Dated as of [            ], 2014

MEDTRONIC, INC., a Minnesota corporation (“Medtronic”), MEDTRONIC GLOBAL
HOLDINGS SCA, a partnership limited by shares (société en commandite par
actions) incorporated under the laws of the Grand-Duchy of Luxembourg having its
registered office at 1, rue du Potager, L-2347, Luxembourg, and registered with
the Luxembourg trade and companies register under the number B 191 129
(“Holdings”, and together with Medtronic, the “Borrowers” and each, a
“Borrower”), MEDTRONIC HOLDINGS LIMITED, an Irish private limited company
(“Parent”), the Lenders party hereto and BANK OF AMERICA, N.A. (“Bank of
America”), as Administrative Agent and Issuing Bank, hereby agree as follows:

PRELIMINARY STATEMENT. Medtronic, the lenders parties thereto and Bank of
America, as agent, have agreed to amend and restate that certain Credit
Agreement dated as of December 17, 2012 (the “Existing Credit Agreement”) in the
form of this Amended and Restated Credit Agreement (the “Credit Agreement”).
This Credit Agreement is effective pursuant to the Amendment and Restatement
Agreement dated as of November 7, 2014 (the “Amendment and Restatement
Agreement), among Medtronic, Holdings, Parent, the Lenders party thereto and
Bank of America as Administrative Agent and Issuing Bank, to which this Amended
and Restated Credit Agreement is attached as Annex A.

ARTICLE I

Definitions

Section 1.01. Defined Terms.

As used in this Credit Agreement, the following terms have the meanings
specified below:

“1990 Act” means the Companies Act, 1990 of Ireland, as amended.

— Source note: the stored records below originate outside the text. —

(* Let $S$ be a Riemann surface with a hermitian metric $ds^2$ (Kähler form $\omega$). If there is a potential function $\varphi$ of $\omega$ with $|\partial\varphi|_{ds^2}^2\equiv\mathsf{C}$ for a constant $\mathsf{C}>0$, then the Gaussian curvature of $ds^2$ is constant on the domain of $\varphi$, equal to $\kappa\equiv-2/\mathsf{C}$.
   Context: Conventions: $dd^c=\sqrt{-1}\partial\bar\partial$; locally $\omega=\sqrt{-1}g\,dz\wedge d\bar z$, a potential satisfies $\partial^2\varphi/\partial z\partial\bar z=g$, and $|\partial\varphi|^2=g^{-1}|\partial\varphi/\partial z|^2$. The Gaussian curvature is normalized so that the Poincaré metric $\sqrt{-1}\frac{2}{\mathsf{K}(1-|\zeta|^2)^2}d\zeta\wedge d\bar\zeta$ on the unit disc has curvature $-\mathsf{K}$. *)

From Stdlib Require Import Reals List.
From Coquelicot Require Import Coquelicot.
Open Scope R_scope.

(* Everything is expressed in a local holomorphic coordinate z = x + i y on an
   open set U of the plane (a coordinate chart of the Riemann surface S
   inside the domain of the potential). *)

Definition pdx (f : R -> R -> R) (x y : R) : R := Derive (fun t => f t y) x.
Definition pdy (f : R -> R -> R) (x y : R) : R := Derive (fun t => f x t) y.

Definition pd (b : bool) (f : R -> R -> R) : R -> R -> R :=
  if b then pdx f else pdy f.

Fixpoint iter_pd (l : list bool) (f : R -> R -> R) : R -> R -> R :=
  match l with
  | nil => f
  | cons b l' => pd b (iter_pd l' f)
  end.

Definition smooth_on (U : R -> R -> Prop) (f : R -> R -> R) : Prop :=
  forall (l : list bool) (x y : R), U x y ->
    ex_derive (fun t => iter_pd l f t y) x /\
    ex_derive (fun t => iter_pd l f x t) y /\
    continuous (fun p : R * R => iter_pd l f (fst p) (snd p)) (x, y).

Definition open_domain (U : R -> R -> Prop) : Prop :=
  open (fun p : R * R => U (fst p) (snd p)).

Definition laplacian (f : R -> R -> R) (x y : R) : R :=
  pdx (pdx f) x y + pdy (pdy f) x y.

Definition dzdzbar (f : R -> R -> R) (x y : R) : R := laplacian f x y / 4.

(* For real f: |df/dz|^2 = (f_x^2 + f_y^2)/4, since df/dz = (f_x - i f_y)/2. *)
Definition abs_dz_sq (f : R -> R -> R) (x y : R) : R :=
  ((pdx f x y) ^ 2 + (pdy f x y) ^ 2) / 4.

(* Metric omega = sqrt(-1) g dz /\ d\bar z.  Gaussian curvature normalized so
   that the Poincare metric sqrt(-1) 2/(K(1-|z|^2)^2) dz/\d\bar z has
   curvature -K:  kappa = -(1/g) d^2 (log g)/dz d\bar z. *)
Definition gauss_curv (g : R -> R -> R) (x y : R) : R :=
  - dzdzbar (fun a b => ln (g a b)) x y / g x y.

From Stdlib Require Import Reals Lra List.
From Coquelicot Require Import Coquelicot.
Open Scope R_scope.

(* With p, q the first and a, b, d the second partial derivatives of phi,
   C g = (p^2 + q^2)/4 and a + d = 4 g.  Differentiating these relations
   expresses the gradient and the Laplacian of g, hence Delta (ln g), through
   p, q, a, b, d; the Cayley-Hamilton identity for the symmetric Hessian
   [[a, b], [b, d]] then gives g Delta g - |grad g|^2 = 8 g^3 / C, i.e.
   Delta (ln g) = 8 g / C, which is the curvature -2/C. *)

Lemma iter_pd_rcons (l : list bool) (b : bool) (f : R -> R -> R) :
  iter_pd (l ++ b :: nil) f = iter_pd l (pd b f).
Proof. induction l as [|b' l IH]; simpl; congruence. Qed.

Lemma pdx_scal (k : R) (f : R -> R -> R) (x y : R) :
  pdx (fun a b => k * f a b) x y = k * pdx f x y.
Proof. apply Derive_scal. Qed.

Lemma pdy_scal (k : R) (f : R -> R -> R) (x y : R) :
  pdy (fun a b => k * f a b) x y = k * pdy f x y.
Proof. apply Derive_scal. Qed.

Lemma laplacian_scal (k : R) (f : R -> R -> R) (x y : R) :
  laplacian (fun a b => k * f a b) x y = k * laplacian f x y.
Proof.
  unfold laplacian, pdx at 1, pdy at 1.
  rewrite (Derive_ext (fun t => pdx (fun a b => k * f a b) t y) (fun t => k * pdx f t y))
    by (intro; apply pdx_scal).
  rewrite (Derive_ext (fun t => pdy (fun a b => k * f a b) x t) (fun t => k * pdy f x t))
    by (intro; apply pdy_scal).
  rewrite !Derive_scal. unfold pdx, pdy. ring.
Qed.

Lemma Derive_ln_pos (f : R -> R) (x : R) :
  ex_derive f x -> 0 < f x -> Derive (fun t => ln (f t)) x = Derive f x / f x.
Proof.
  intros Hf Hpos.
  rewrite Derive_comp; [| eexists; apply is_derive_ln; exact Hpos | exact Hf].
  rewrite (is_derive_unique _ _ _ (is_derive_ln _ Hpos)). field. lra.
Qed.

(* [auto_derive] leaves eta-expanded [Derive (fun t => f t) x], which [field]
   would treat as an atom distinct from [Derive f x]. *)
Ltac eta_reduce_Derive :=
  repeat match goal with |- context [Derive (fun t => ?f t) ?x] =>
    change (Derive (fun t => f t) x) with (Derive f x) end.

Lemma Derive_sum_sq_div4 (f h : R -> R) (x : R) :
  ex_derive f x -> ex_derive h x ->
  Derive (fun t => (f t ^ 2 + h t ^ 2) / 4) x = (f x * Derive f x + h x * Derive h x) / 2.
Proof.
  intros Hf Hh. apply is_derive_unique. auto_derive; [tauto|]. eta_reduce_Derive. field.
Qed.

Lemma Derive_dot_div2 (f1 f2 h1 h2 : R -> R) (x : R) :
  ex_derive f1 x -> ex_derive f2 x -> ex_derive h1 x -> ex_derive h2 x ->
  Derive (fun t => (f1 t * f2 t + h1 t * h2 t) / 2) x
  = (Derive f1 x * f2 x + f1 x * Derive f2 x + Derive h1 x * h2 x + h1 x * Derive h2 x) / 2.
Proof.
  intros H1 H2 H3 H4. apply is_derive_unique. auto_derive; [tauto|]. eta_reduce_Derive. field.
Qed.

Section SmoothCalculus.

Variable U : R -> R -> Prop.

Lemma smooth_on_pd (b : bool) (f : R -> R -> R) : smooth_on U f -> smooth_on U (pd b f).
Proof. intros Hf l x y Hxy. rewrite <- iter_pd_rcons. exact (Hf _ x y Hxy). Qed.

Lemma smooth_on_pdx (f : R -> R -> R) : smooth_on U f -> smooth_on U (pdx f).
Proof. exact (smooth_on_pd true f). Qed.

Lemma smooth_on_pdy (f : R -> R -> R) : smooth_on U f -> smooth_on U (pdy f).
Proof. exact (smooth_on_pd false f). Qed.

Lemma smooth_on_ex_derive_x (f : R -> R -> R) (x y : R) :
  smooth_on U f -> U x y -> ex_derive (fun t => f t y) x.
Proof. intros Hf Hxy. exact (proj1 (Hf nil x y Hxy)). Qed.

Lemma smooth_on_ex_derive_y (f : R -> R -> R) (x y : R) :
  smooth_on U f -> U x y -> ex_derive (fun t => f x t) y.
Proof. intros Hf Hxy. exact (proj1 (proj2 (Hf nil x y Hxy))). Qed.

Lemma smooth_on_continuity_2d_pt (f : R -> R -> R) (x y : R) :
  smooth_on U f -> U x y -> continuity_2d_pt f x y.
Proof.
  intros Hf Hxy. apply continuity_2d_pt_filterlim. exact (proj2 (proj2 (Hf nil x y Hxy))).
Qed.

Lemma pdx_abs_dz_sq (f : R -> R -> R) (x y : R) : smooth_on U f -> U x y ->
  pdx (abs_dz_sq f) x y = (pdx f x y * pdx (pdx f) x y + pdy f x y * pdx (pdy f) x y) / 2.
Proof.
  intros Hf Hxy. apply Derive_sum_sq_div4.
  - exact (smooth_on_ex_derive_x _ x y (smooth_on_pdx f Hf) Hxy).
  - exact (smooth_on_ex_derive_x _ x y (smooth_on_pdy f Hf) Hxy).
Qed.

Lemma pdy_abs_dz_sq (f : R -> R -> R) (x y : R) : smooth_on U f -> U x y ->
  pdy (abs_dz_sq f) x y = (pdx f x y * pdy (pdx f) x y + pdy f x y * pdy (pdy f) x y) / 2.
Proof.
  intros Hf Hxy. apply Derive_sum_sq_div4.
  - exact (smooth_on_ex_derive_y _ x y (smooth_on_pdx f Hf) Hxy).
  - exact (smooth_on_ex_derive_y _ x y (smooth_on_pdy f Hf) Hxy).
Qed.

Lemma pdx_laplacian (f : R -> R -> R) (x y : R) : smooth_on U f -> U x y ->
  pdx (laplacian f) x y = pdx (pdx (pdx f)) x y + pdx (pdy (pdy f)) x y.
Proof.
  intros Hf Hxy. apply Derive_plus.
  - exact (smooth_on_ex_derive_x _ x y (smooth_on_pdx _ (smooth_on_pdx f Hf)) Hxy).
  - exact (smooth_on_ex_derive_x _ x y (smooth_on_pdy _ (smooth_on_pdy f Hf)) Hxy).
Qed.

Lemma pdy_laplacian (f : R -> R -> R) (x y : R) : smooth_on U f -> U x y ->
  pdy (laplacian f) x y = pdy (pdx (pdx f)) x y + pdy (pdy (pdy f)) x y.
Proof.
  intros Hf Hxy. apply Derive_plus.
  - exact (smooth_on_ex_derive_y _ x y (smooth_on_pdx _ (smooth_on_pdx f Hf)) Hxy).
  - exact (smooth_on_ex_derive_y _ x y (smooth_on_pdy _ (smooth_on_pdy f Hf)) Hxy).
Qed.

Hypothesis U_open : open_domain U.

Lemma open_domain_locally_2d (x y : R) : U x y -> locally_2d U x y.
Proof. intros Hxy. apply locally_2d_locally. exact (U_open (x, y) Hxy). Qed.

Lemma pdx_ext_on (F G : R -> R -> R) (x y : R) :
  (forall u v, U u v -> F u v = G u v) -> U x y -> pdx F x y = pdx G x y.
Proof.
  intros HFG Hxy. apply Derive_ext_loc.
  destruct (open_domain_locally_2d x y Hxy) as [d Hd]. exists d. intros t Ht.
  apply HFG, Hd; [exact Ht|]. rewrite Rminus_eq_0, Rabs_R0. apply cond_pos.
Qed.

Lemma pdy_ext_on (F G : R -> R -> R) (x y : R) :
  (forall u v, U u v -> F u v = G u v) -> U x y -> pdy F x y = pdy G x y.
Proof.
  intros HFG Hxy. apply Derive_ext_loc.
  destruct (open_domain_locally_2d x y Hxy) as [d Hd]. exists d. intros t Ht.
  apply HFG, Hd; [|exact Ht]. rewrite Rminus_eq_0, Rabs_R0. apply cond_pos.
Qed.

Lemma laplacian_ext_on (F G : R -> R -> R) (x y : R) :
  (forall u v, U u v -> F u v = G u v) -> U x y -> laplacian F x y = laplacian G x y.
Proof.
  intros HFG Hxy. unfold laplacian.
  rewrite (pdx_ext_on (pdx F) (pdx G)), (pdy_ext_on (pdy F) (pdy G)); try easy;
    intros u v Huv; [apply pdy_ext_on | apply pdx_ext_on]; easy.
Qed.

Lemma pdx_pdy_comm (f : R -> R -> R) (x y : R) : smooth_on U f -> U x y ->
  pdx (pdy f) x y = pdy (pdx f) x y.
Proof.
  intros Hf Hxy. apply Schwarz.
  - destruct (open_domain_locally_2d x y Hxy) as [d Hd]. exists d. intros u v Hu Hv.
    specialize (Hd u v Hu Hv).
    repeat split.
    + exact (smooth_on_ex_derive_x f u v Hf Hd).
    + exact (smooth_on_ex_derive_y f u v Hf Hd).
    + exact (smooth_on_ex_derive_x _ u v (smooth_on_pdy f Hf) Hd).
    + exact (smooth_on_ex_derive_y _ u v (smooth_on_pdx f Hf) Hd).
  - exact (smooth_on_continuity_2d_pt _ x y (smooth_on_pdx _ (smooth_on_pdy f Hf)) Hxy).
  - exact (smooth_on_continuity_2d_pt _ x y (smooth_on_pdy _ (smooth_on_pdx f Hf)) Hxy).
Qed.

Lemma laplacian_abs_dz_sq (f : R -> R -> R) (x y : R) : smooth_on U f -> U x y ->
  laplacian (abs_dz_sq f) x y
  = (pdx (pdx f) x y ^ 2 + 2 * pdx (pdy f) x y ^ 2 + pdy (pdy f) x y ^ 2
     + pdx f x y * pdx (laplacian f) x y + pdy f x y * pdy (laplacian f) x y) / 2.
Proof.
  intros Hf Hxy.
  pose proof (smooth_on_pdx f Hf) as Hfx. pose proof (smooth_on_pdy f Hf) as Hfy.
  assert (Hxx : pdx (pdx (abs_dz_sq f)) x y
    = (pdx (pdx f) x y * pdx (pdx f) x y + pdx f x y * pdx (pdx (pdx f)) x y
       + pdx (pdy f) x y * pdx (pdy f) x y + pdy f x y * pdx (pdx (pdy f)) x y) / 2).
  { rewrite (pdx_ext_on _ _ x y (fun u v => pdx_abs_dz_sq f u v Hf) Hxy).
    apply Derive_dot_div2; eapply smooth_on_ex_derive_x; eauto using smooth_on_pdx, smooth_on_pdy. }
  assert (Hyy : pdy (pdy (abs_dz_sq f)) x y
    = (pdy (pdx f) x y * pdy (pdx f) x y + pdx f x y * pdy (pdy (pdx f)) x y
       + pdy (pdy f) x y * pdy (pdy f) x y + pdy f x y * pdy (pdy (pdy f)) x y) / 2).
  { rewrite (pdy_ext_on _ _ x y (fun u v => pdy_abs_dz_sq f u v Hf) Hxy).
    apply Derive_dot_div2; eapply smooth_on_ex_derive_y; eauto using smooth_on_pdx, smooth_on_pdy. }
  assert (Hxyy : pdy (pdy (pdx f)) x y = pdx (pdy (pdy f)) x y).
  { rewrite (pdx_pdy_comm _ x y Hfy Hxy).
    exact (pdy_ext_on _ _ x y (fun u v Huv => eq_sym (pdx_pdy_comm f u v Hf Huv)) Hxy). }
  assert (Hxxy : pdx (pdx (pdy f)) x y = pdy (pdx (pdx f)) x y).
  { rewrite <- (pdx_pdy_comm _ x y Hfx Hxy).
    exact (pdx_ext_on _ _ x y (fun u v => pdx_pdy_comm f u v Hf) Hxy). }
  unfold laplacian at 1. rewrite Hxx, Hyy, Hxyy, Hxxy,
    (pdx_laplacian f x y Hf Hxy), (pdy_laplacian f x y Hf Hxy), (pdx_pdy_comm f x y Hf Hxy).
  field.
Qed.

Lemma laplacian_ln (f : R -> R -> R) (x y : R) :
  smooth_on U f -> (forall u v, U u v -> 0 < f u v) -> U x y ->
  laplacian (fun a b => ln (f a b)) x y
  = (f x y * laplacian f x y - (pdx f x y ^ 2 + pdy f x y ^ 2)) / f x y ^ 2.
Proof.
  intros Hf Hpos Hxy.
  assert (Hx : forall u v, U u v -> pdx (fun a b => ln (f a b)) u v = pdx f u v / f u v).
  { intros u v Huv. apply (Derive_ln_pos (fun t => f t v)); auto.
    exact (smooth_on_ex_derive_x f u v Hf Huv). }
  assert (Hy : forall u v, U u v -> pdy (fun a b => ln (f a b)) u v = pdy f u v / f u v).
  { intros u v Huv. apply (Derive_ln_pos (fun t => f u t)); auto.
    exact (smooth_on_ex_derive_y f u v Hf Huv). }
  pose proof (Hpos x y Hxy) as Hfxy.
  unfold laplacian. rewrite (pdx_ext_on _ _ x y Hx Hxy), (pdy_ext_on _ _ x y Hy Hxy).
  unfold pdx at 1, pdy at 1.
  rewrite (Derive_div (fun t => pdx f t y) (fun t => f t y)),
          (Derive_div (fun t => pdy f x t) (fun t => f x t)).
  - unfold pdx, pdy. field. lra.
  - exact (smooth_on_ex_derive_y _ x y (smooth_on_pdy f Hf) Hxy).
  - exact (smooth_on_ex_derive_y f x y Hf Hxy).
  - lra.
  - exact (smooth_on_ex_derive_x _ x y (smooth_on_pdx f Hf) Hxy).
  - exact (smooth_on_ex_derive_x f x y Hf Hxy).
  - lra.
Qed.

End SmoothCalculus.

Lemma gauss_curv_algebra (p q a b d g gx gy lap C : R) :
  C <> 0 -> g <> 0 ->
  C * g = (p ^ 2 + q ^ 2) / 4 -> a + d = 4 * g ->
  C * gx = (p * a + q * b) / 2 -> C * gy = (p * b + q * d) / 2 ->
  C * lap = (a ^ 2 + 2 * b ^ 2 + d ^ 2 + p * (4 * gx) + q * (4 * gy)) / 2 ->
  - ((g * lap - (gx ^ 2 + gy ^ 2)) / g ^ 2 / 4) / g = - 2 / C.
Proof.
  intros HC Hg Eg Ed Egx Egy Elap.
  assert (Hpq : p ^ 2 + q ^ 2 <> 0) by (intro Z; apply Hg, (Rmult_eq_reg_l C); lra).
  assert (Elap' : lap = (a ^ 2 + 2 * b ^ 2 + d ^ 2 + p * (4 * gx) + q * (4 * gy)) / (2 * C))
    by (apply (Rmult_eq_reg_l C); [rewrite Elap; field|]; auto).
  assert (Egx' : gx = (p * a + q * b) / (2 * C))
    by (apply (Rmult_eq_reg_l C); [rewrite Egx; field|]; auto).
  assert (Egy' : gy = (p * b + q * d) / (2 * C))
    by (apply (Rmult_eq_reg_l C); [rewrite Egy; field|]; auto).
  assert (Eg' : g = (p ^ 2 + q ^ 2) / (4 * C))
    by (apply (Rmult_eq_reg_l C); [rewrite Eg; field|]; auto).
  assert (Ed' : d = 4 * g - a) by lra.
  clear Eg Ed Egx Egy Elap.
  subst lap gx gy d g. field. auto.
Qed.

Theorem corollary2p2 :
  forall (U : R -> R -> Prop) (g phi : R -> R -> R) (C : R),
    open_domain U ->
    smooth_on U g ->
    (forall x y, U x y -> 0 < g x y) ->
    smooth_on U phi ->
    (forall x y, U x y -> dzdzbar phi x y = g x y) ->
    0 < C ->
    (forall x y, U x y -> abs_dz_sq phi x y / g x y = C) ->
    forall x y, U x y -> gauss_curv g x y = - 2 / C.
Proof.
  intros U g phi C HU Hg Hpos Hphi Hlap HC Hab x y Hxy.
  assert (Hs : forall u v, U u v -> abs_dz_sq phi u v = C * g u v).
  { intros u v Huv. rewrite <- (Hab u v Huv). field. apply Rgt_not_eq, Hpos, Huv. }
  assert (Hl : forall u v, U u v -> laplacian phi u v = 4 * g u v).
  { intros u v Huv. rewrite <- (Hlap u v Huv). unfold dzdzbar. field. }
  unfold gauss_curv, dzdzbar. rewrite (laplacian_ln U HU g x y Hg Hpos Hxy).
  apply (gauss_curv_algebra (pdx phi x y) (pdy phi x y) (pdx (pdx phi) x y)
    (pdx (pdy phi) x y) (pdy (pdy phi) x y)).
  - lra.
  - apply Rgt_not_eq, Hpos, Hxy.
  - rewrite <- (Hs x y Hxy). reflexivity.
  - rewrite <- (Hl x y Hxy). reflexivity.
  - rewrite <- pdx_scal, <- (pdx_ext_on U HU _ _ x y Hs Hxy).
    exact (pdx_abs_dz_sq U phi x y Hphi Hxy).
  - rewrite <- pdy_scal, <- (pdy_ext_on U HU _ _ x y Hs Hxy),
      (pdx_pdy_comm U HU phi x y Hphi Hxy).
    exact (pdy_abs_dz_sq U phi x y Hphi Hxy).
  - rewrite <- laplacian_scal, <- (laplacian_ext_on U HU _ _ x y Hs Hxy),
      (laplacian_abs_dz_sq U HU phi x y Hphi Hxy),
      (pdx_ext_on U HU _ _ x y Hl Hxy), (pdy_ext_on U HU _ _ x y Hl Hxy), pdx_scal, pdy_scal.
    reflexivity.
Qed.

“ABR”, when used in reference to any Loan or Borrowing, refers to whether such
Loan, or the Loans comprising such Borrowing, are bearing interest at a rate
determined by reference to the Alternate Base Rate.

“Acquisition” means the scheme of arrangement by which Covidien plc will become
a wholly owned indirect subsidiary of Parent.

“Act” means the Companies Act 1963 of Ireland, as amended.

“Administrative Agent” means Bank of America, in its capacity as administrative
agent for the Lenders hereunder, and its successors in such capacity.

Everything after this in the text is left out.